Forgiveness is another equally elusive trait in “Life During Wartime,” as several characters struggle with the notion. But where does one draw the line, Solondz wonders.

“You can say ‘I’m sorry’ only so many times before it loses all meaning,” he said. “And to what extent to we extend it? Let’s say you’re a parent and your daughter has been raped and murdered. Some parents of a certain religious conviction may in fact forgive the perpetrator, but another family without these convictions may seek vengeance. Both are valid responses, as far as I’m concerned.”

So far, reaction to “Life During Wartime” has been mixed. But that’s nothing new for Solondz, who leaves no room for compromise. That means his films will be made his way, on his terms, with absolutely no variances from the script. Period.
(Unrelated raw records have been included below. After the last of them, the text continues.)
Lemma sum_prod_weight_sqr N (g : Q -> R) : pmean g = 0 ->
  \sum_(s : {ffun 'I_N -> Q}) prod_weight s * (\sum_(n < N) g (s n)) ^+ 2 =
  N%:R * pmean (fun q => g q ^+ 2).
Proof.
move=> g_centred.
under eq_bigr do rewrite expr2 big_distrlr /= mulr_sumr.
under eq_bigr do under eq_bigr do rewrite mulr_sumr.
rewrite exchange_big /=; under eq_bigr do rewrite exchange_big /=.
under eq_bigr do under eq_bigr do rewrite sum_prod_weight_mul //.
under eq_bigr => n _ do rewrite -big_mkcond (big_pred1 n) 1?eq_sym //.
by rewrite sumr_const card_ord mulr_natl.
Qed.

(* Chebyshev: the sample mean of N independent draws has variance pvar f / N. *)
Lemma prod_weight_sample_mean_dev N (f : Q -> R) (eps : R) :
  0 < eps -> (0 < N)%N ->
  \sum_(s : {ffun 'I_N -> Q} | eps <= `|sample_mean f s - pmean f|) prod_weight s
    <= pvar f / eps ^+ 2 / N%:R.
Proof.
move=> eps_gt0 N_gt0; set g := fun q => f q - pmean f.
have N_neq0 : (N%:R : R) != 0 by rewrite pnatr_eq0 -lt0n.
have eps2_gt0 : 0 < eps ^+ 2 by rewrite exprn_gt0.
pose chi (s : {ffun 'I_N -> Q}) :=
  prod_weight s * ((sample_mean f s - pmean f) ^+ 2 / eps ^+ 2).
have markov (s : {ffun 'I_N -> Q}) :
    eps <= `|sample_mean f s - pmean f| -> prod_weight s <= chi s.
  move=> dev_ge; rewrite -{1}[prod_weight s]mulr1 ler_wpM2l ?prod_weight_ge0 //.
  rewrite ler_pdivlMr // mul1r -[leRHS]real_normK ?num_real //.
  by rewrite ler_sqr ?nnegrE ?normr_ge0 //; exact: ltW.
have chi_ge0 s : 0 <= chi s.
  by rewrite mulr_ge0 ?prod_weight_ge0 ?divr_ge0 ?sqr_ge0.
have dev_eq s : sample_mean f s - pmean f = N%:R^-1 * \sum_(n < N) g (s n).
  rewrite /sample_mean /g sumrB sumr_const card_ord mulrBr -[pmean f *+ N]mulr_natl.
  by rewrite mulrA mulVf // mul1r.
have sum_chi : \sum_s chi s = pvar f / eps ^+ 2 / N%:R.
  have -> : \sum_s chi s = N%:R^-2 / eps ^+ 2 *
      \sum_(s : {ffun 'I_N -> Q}) prod_weight s * (\sum_(n < N) g (s n)) ^+ 2.
    rewrite mulr_sumr; apply: eq_bigr => s _; rewrite /chi dev_eq; field.
    by rewrite N_neq0 gt_eqF.
  rewrite sum_prod_weight_sqr ?pmean_sub_mean // /g /pvar /=; field.
  by rewrite N_neq0 gt_eqF.
rewrite -sum_chi (le_trans (ler_sum _ markov)) //.
rewrite [leRHS](bigID (fun s : {ffun 'I_N -> Q} =>
  eps <= `|sample_mean f s - pmean f|)) /= lerDl.
exact: sumr_ge0.
Qed.

Lemma prod_weight_sample_ratio_dev N (f g : Q -> R) (eps : R) :
  0 < pmean g -> 0 < eps -> (0 < N)%N ->
  \sum_(s : {ffun 'I_N -> Q} |
        eps <= `|sample_mean f s / sample_mean g s - pmean f / pmean g|)
    prod_weight s
  <= (pvar f + pvar g) / ratio_tol (pmean f) (pmean g) eps ^+ 2 / N%:R.
Proof.
move=> g_gt0 eps_gt0 N_gt0; set dl := ratio_tol _ _ eps.
have dl_gt0 : 0 < dl by exact: ratio_tol_gt0.
rewrite !mulrDl; apply: le_trans (lerD (prod_weight_sample_mean_dev f dl_gt0 N_gt0)
                                      (prod_weight_sample_mean_dev g dl_gt0 N_gt0)).
apply: ler_sum_cover2 => [s|s]; first exact: prod_weight_ge0.
rewrite !leNgt; apply: contraLR; rewrite negb_or !negbK => /andP[fs gs].
exact: ratio_tol_lt.
Qed.

End ProductWeights.

Lemma cvg_EFin_le_invn (R : realType) (r : nat -> R) (C : R) :
  (forall N, (0 < N)%N -> 0 <= r N <= C / N%:R) -> (r N)%:E @[N --> \oo] --> 0%E.
Proof.
move=> r_bound; apply: cvg_EFin; first exact: nearW.
have invn_cvg0 : (N%:R^-1 : R) @[N --> \oo] --> 0.
  apply/gtr0_cvgV0; last exact: cvgr_idn.
  by near=> N; rewrite ltr0n; near: N; exact: nbhs_infty_gt.
apply: (squeeze_cvgr (f := fun=> 0) (h := fun N => C / N%:R)).
- by near=> N; apply: r_bound; near: N; exact: nbhs_infty_gt.
- exact: cvg_cst.
- by rewrite -(mulr0 C); exact: cvgMl_tmp.
Unshelve. all: by end_near.
Qed.

Lemma measurableT_preimage d d' (aT : measurableType d) (rT : measurableType d')
    (f : aT -> rT) (A : set rT) :
  measurable_fun setT f -> measurable A -> measurable (f @^-1` A).
Proof. by move=> mf mA; rewrite -[f @^-1` A]setTI; exact: mf. Qed.

Lemma measure_fintype_bigcup d (T : measurableType d) (R : realType)
    (mu : {measure set T -> \bar R}) (J : finType) (F : J -> set T) :
  (forall j, measurable (F j)) -> trivIset setT F ->
  mu (\bigcup_j F j) = (\sum_j mu (F j))%E.
Proof.
move=> mF tF; rewrite measure_fin_bigcup //; last exact: finite_finset.
rewrite (fsbigE (enum J)) ?enum_uniq //; last by move=> j _; rewrite mem_enum.
by rewrite big_enum_cond /=; apply: eq_bigl => j; rewrite in_setT.
Qed.

Section SamplePatterns.
Context {d dT : measure_display} {Omega : measurableType d} {T : measurableType dT}.
Context {R : realType} (P : probability Omega R) (X : Omega -> T).
Context (Q : finType) (cls : T -> Q) (xs : nat -> Omega -> T).
Hypotheses (mX : measurable_fun setT X)
  (mcls : forall q, measurable (cls @^-1` [set q])).

Definition class_prob (q : Q) : R := fine (P (X @^-1` (cls @^-1` [set q]))).

Lemma class_probE q : P (X @^-1` (cls @^-1` [set q])) = (class_prob q)%:E.
Proof. by rewrite fineK //; apply: fin_num_measure; exact: measurableT_preimage. Qed.

Lemma class_prob_ge0 q : 0 <= class_prob q.
Proof. exact/fine_ge0/measure_ge0. Qed.

Lemma measure_class_split (Z : set Omega) : measurable Z ->
  P Z = (\sum_q P (X @^-1` (cls @^-1` [set q]) `&` Z))%E.
Proof.
move=> mZ; rewrite -measure_fintype_bigcup.
- by congr (P _); apply/seteqP; split => [w Zw | w [q _ []]] //; exists (cls (X w)).
- by move=> q; apply: measurableI => //; exact: measurableT_preimage.
- by move=> q q' _ _ [w [[/= <- _] [/= <- _]]].
Qed.

Lemma class_prob_sum1 : \sum_q class_prob q = 1.
Proof.
apply: EFin_inj; rewrite -sumEFin -(probability_setT P) (measure_class_split measurableT).
by apply: eq_bigr => q _; rewrite setIT class_probE.
Qed.

Hypothesis xs_iid : iid_copies P X xs.

Definition pattern_event N (s : {ffun 'I_N -> Q}) : set Omega :=
  [set w | [ffun n : 'I_N => cls (xs n w)] = s].

(* The pattern event is the intersection over all [i < N] of the events
   [xs i \in cls^-1 (s i)]; the filler [setT] makes the index [i] total. *)
Let pattern_constraint N (s : {ffun 'I_N -> Q}) (i : nat) : set T :=
  if insub i is Some j then cls @^-1` [set s j] else setT.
Some call that artistic integrity, while others may term it stubbornness. Either way, his film career hasn’t been anything close to what you’d call financially rewarding. Which is why he supplements his income teaching in the graduate film program at New York University. And while he loves his day job, Solondz wishes he could make movies full time, like his counterparts in Europe and other countries where government subsidized arts programs exist.

“If (iconic French director) Claire Denis lived in the United States, she could never have the career she does. But because she is very valued in France, she doesn’t have to worry about the market the way I do.”

As a filmmaker in the United States, “you have to be resourceful, you have to be clever and you have to be lucky.”

He forgot to add, “be an inspiration.” But he now has Gabourey Sidibe to say it for him.